**WHAT THE EXERCISE ASKS**
In the records below, find the line that contains "have h_lin := alg_hom_lin h_hom." and the line that contains "move=> [e0 he]". Set down exactly those lines and every line between them, and nothing more.

**EXTRACTED MATERIAL**

--- START ---

Lemma prod_expr0n (R : comPzRingType) n (m : 'X_{1..n}) :
  \prod_(i < n) (0 : R) ^+ m i = (m == 0%MM)%:R.
Proof.
have [->|ne_m0] := eqVneq m 0%MM; first by rewrite big1 // => i _; rewrite mnm0E.
have /forallPn[i ne_i] : ~~ [forall i, m i == 0%N].
  by apply: contra ne_m0 => /forallP m0; apply/eqP/mnmP => i; rewrite mnm0E; apply/eqP.
by rewrite (bigD1 i) //= expr0n (negbTE ne_i) mul0r.
Qed.

Lemma embA_X (F : fieldType) n (R : algType F) (Y : 'I_n -> R) m :
  embA Y 'X_[m] = Xmon Y m.
Proof. by rewrite /embA msuppX big_seq1 mcoeffX eqxx scale1r. Qed.

Section VectorFields.
Variables (F : fieldType) (n : nat).
Implicit Types (e x : VF F n) (m : 'X_{1..n}).

Lemma meval0_mcoeff (q : {mpoly F[n]}) : q.@[fun _ => 0] = q@_0%MM.
Proof.
rewrite mevalE [in RHS](mpolyE q) (big_morph _ (mcoeffD 0%MM) (mcoeff0 _ 0%MM)).
by apply: eq_bigr => m _; rewrite mcoeffZ mcoeffX prod_expr0n eq_sym.
Qed.

Lemma vanish0_0 : vanish0 (0 : VF F n).
Proof. by move=> i; rewrite ffunE meval0. Qed.

Lemma vanish0_lin a e x : vanish0 e -> vanish0 x -> vanish0 (a *: e + x).
Proof. by move=> e0 x0 i; rewrite !ffunE mevalD mevalZ e0 x0 mulr0 addr0. Qed.

Lemma vanish0_vfm m p : m != 0%MM -> vanish0 (vfm m p : VF F n).
Proof.
move=> ne_m0 i; rewrite ffunE; case: eqP => _; last exact: meval0.
by rewrite mevalX prod_expr0n (negbTE ne_m0).
Qed.

Lemma vanish0_mcoeff0 e p : vanish0 e -> (e p)@_0%MM = 0.
Proof. by move=> e0; rewrite -meval0_mcoeff e0. Qed.

Lemma vf_decomp e : e = \sum_(p < n) \sum_(m <- msupp (e p)) (e p)@_m *: vfm m p.
Proof.
apply/ffunP => i; rewrite sum_ffunE (bigD1 i) //= [X in _ + X]big1 ?addr0 => [|p ne_pi].
  rewrite sum_ffunE {1}(mpolyE (e i)); apply: eq_bigr => m _.
  by rewrite !ffunE eqxx.
by rewrite sum_ffunE big1 // => m _; rewrite !ffunE eq_sym (negbTE ne_pi) scaler0.
Qed.

End VectorFields.

Section SmashProduct.
Variables (F : fieldType) (n : nat) (S : algType F).
Variables (iA : {mpoly F[n]} -> S) (iV : VF F n -> S).
Hypothesis HS : is_smash_product iA iV.

Lemma smash_iA_hom : is_alg_hom iA.
Proof. by case: HS => [[]]. Qed.

Lemma smash_endo_id (h : S -> S) : is_alg_hom h ->
  (forall m, h (iA 'X_[m]) = iA 'X_[m]) ->
  (forall k p, h (iV (vfm k p)) = iV (vfm k p)) -> h =1 id.
Proof.
move=> h_hom h_iA h_iV; have [rel uniq] := HS; have [iA_hom iV_lin _ _] := rel.
have h_lin := alg_hom_lin h_hom; have iA_lin := alg_hom_lin iA_hom.
apply: ((uniq S iA iV rel).2 h id h_hom (@alg_hom_id _ S)) => // [f|e].
  rewrite (mpolyE f) (is_lin_sum iA_lin) (is_lin_sum h_lin); apply: eq_bigr => m _.
  by rewrite (is_linZ iA_lin) (is_linZ h_lin) h_iA.
rewrite (vf_decomp e) (is_lin_sum iV_lin) (is_lin_sum h_lin); apply: eq_bigr => p _.
rewrite (is_lin_sum iV_lin) (is_lin_sum h_lin); apply: eq_bigr => m _.
by rewrite (is_linZ iV_lin) (is_linZ h_lin) h_iV.
Qed.

End SmashProduct.

Section WeylTensor.
Variables (F : fieldType) (n : nat) (T : algType F).
Variables (X P : 'I_n -> T) (jL : VF F n -> T).
Hypothesis HT : is_weyl_tensor_UL X P jL.

Lemma weyl_tensor_endo_id (h : T -> T) : is_alg_hom h ->
  (forall i, h (X i) = X i) -> (forall i, h (P i) = P i) ->
  (forall m p, m != 0%MM -> h (jL (vfm m p)) = jL (vfm m p)) -> h =1 id.
Proof.
move=> h_hom h_X h_P h_jL; have [rel uniq] := HT; have [_ _ jL_lin _ _] := rel.
have h_lin := alg_hom_lin h_hom.
have v0 := @vanish0_0 F n.
have jL0 : jL 0 = 0 by have := jL_lin (-1) 0 0 v0 v0; rewrite scaler0 addr0 scaleN1r addNr.
pose Q e := vanish0 e /\ h (jL e) = jL e.
have Q_lin a e x : Q e -> Q x -> Q (a *: e + x).
  move=> [e0 he] [x0 hx]; split; first exact: vanish0_lin.
  by rewrite jL_lin // (is_linD h_lin) (is_linZ h_lin) he hx.
have Q0 : Q 0 by split; [exact: v0 | rewrite jL0 (is_lin0 h_lin)].
have QD e x : Q e -> Q x -> Q (e + x) by move=> /(Q_lin 1) Q1 /Q1; rewrite scale1r.
apply: ((uniq T X P jL rel).2 h id h_hom (@alg_hom_id _ T)) => // e e0.
suff: Q e by case.
rewrite (vf_decomp e); apply: big_ind => // p _; apply: big_ind => // m _.
have [->|ne_m0] := eqVneq m 0%MM; first by rewrite vanish0_mcoeff0 // scale0r.
by rewrite -[_ *: _]addr0; apply: Q_lin => //; split; [exact: vanish0_vfm | exact: h_jL].
Qed.

End WeylTensor.

Section InverseMaps.
Variables (F : fieldType) (n : nat) (S T : algType F).
Variables (iA : {mpoly F[n]} -> S) (iV : VF F n -> S).
Variables (X P : 'I_n -> T) (jL : VF F n -> T) (phi : S -> T) (psi : T -> S).
Hypotheses (iA_hom : is_alg_hom iA) (phi_hom : is_alg_hom phi) (psi_hom : is_alg_hom psi).
Hypothesis phiA : forall f, phi (iA f) = embA X f.
Hypothesis phiV : forall (k : 'X_{1..n}) (p : 'I_n),
  phi (iV (vfm k p)) =
    Xmon X k * P p +
    \sum_(m : 'X_{1..n < (mdeg k).+1} | ((m <= k)%MM && (bmnm m != 0%MM)))
       (mbin k m)%:R * (Xmon X (k - m)%MM * jL (vfm (bmnm m) p)).
Hypothesis psiD : forall r s : 'X_{1..n},
  psi (Xmon X r * Xmon P s) = iA 'X_[r] * Xmon (fun i => iV (vfm 0%MM i)) s.
Hypothesis psiL : forall (m : 'X_{1..n}) (p : 'I_n), m != 0%MM ->
  psi (jL (vfm m p)) =
    \sum_(k : 'X_{1..n < (mdeg m).+1} | (k <= m)%MM)
       (((-1) ^+ mdeg (m - k)%MM * (mbin m k)%:R : F)
          *: (iA 'X_[(m - k)%MM] * iV (vfm (bmnm k) p))).

(* [vfT p m] is [1 (x) x^m d/dx_p] for [m != 0] and [d/dx_p (x) 1] for [m = 0];
   with this convention [phi] and [psi] act uniformly in [m]. *)
Definition vfT p m := if m == 0%MM then P p else jL (vfm m p).

Lemma vfT0 p : vfT p 0%MM = P p.
Proof. by rewrite /vfT eqxx. Qed.

Lemma vfT_vfm p m : m != 0%MM -> vfT p m = jL (vfm m p).
Proof. by rewrite /vfT => /negbTE->. Qed.

Lemma phi_iAX m : phi (iA 'X_[m]) = Xmon X m.
Proof. by rewrite phiA embA_X. Qed.

Lemma XmonD a b : Xmon X a * Xmon X b = Xmon X (a + b)%MM.
Proof. by rewrite -!phi_iAX -(alg_homM phi_hom) -(alg_homM iA_hom) mpolyXD. Qed.

Lemma iAXD a b : iA 'X_[a] * iA 'X_[b] = iA 'X_[(a + b)%MM].
Proof. by rewrite -(alg_homM iA_hom) mpolyXD. Qed.

Lemma psi_Xmon m : psi (Xmon X m) = iA 'X_[m].
Proof. by have := psiD m 0%MM; rewrite !Xmon0 !mulr1. Qed.

Lemma psi_P p : psi (P p) = iV (vfm 0%MM p).
Proof.
have := psiD 0%MM U_(p)%MM.
by rewrite !Xmon0 !XmonU mul1r mpolyX0 (alg_hom1 iA_hom) mul1r.
Qed.

Lemma phi_vfm k p :
  phi (iV (vfm k p)) =
  \sum_(m : 'X_{1..n < (mdeg k).+1} | (m <= k)%MM)
     (mbin k m)%:R *: (Xmon X (k - m)%MM * vfT p m).
Proof.
rewrite phiV [RHS](bigD1 bm0) ?lem_0m //= mbin0 scale1r subm0 vfT0; congr (_ + _).
apply: eq_big => [m|m /andP[_ ne_m0]]; first by rewrite -val_eqE.
by rewrite vfT_vfm // mulr_natl scaler_nat.
Qed.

--- END ---

**SOLUTION TO THIS PROBLEM**
have h_lin := alg_hom_lin h_hom.
have v0 := @vanish0_0 F n.
have jL0 : jL 0 = 0 by have := jL_lin (-1) 0 0 v0 v0; rewrite scaler0 addr0 scaleN1r addNr.
pose Q e := vanish0 e /\ h (jL e) = jL e.
have Q_lin a e x : Q e -> Q x -> Q (a *: e + x).
  move=> [e0 he] [x0 hx]; split; first exact: vanish0_lin.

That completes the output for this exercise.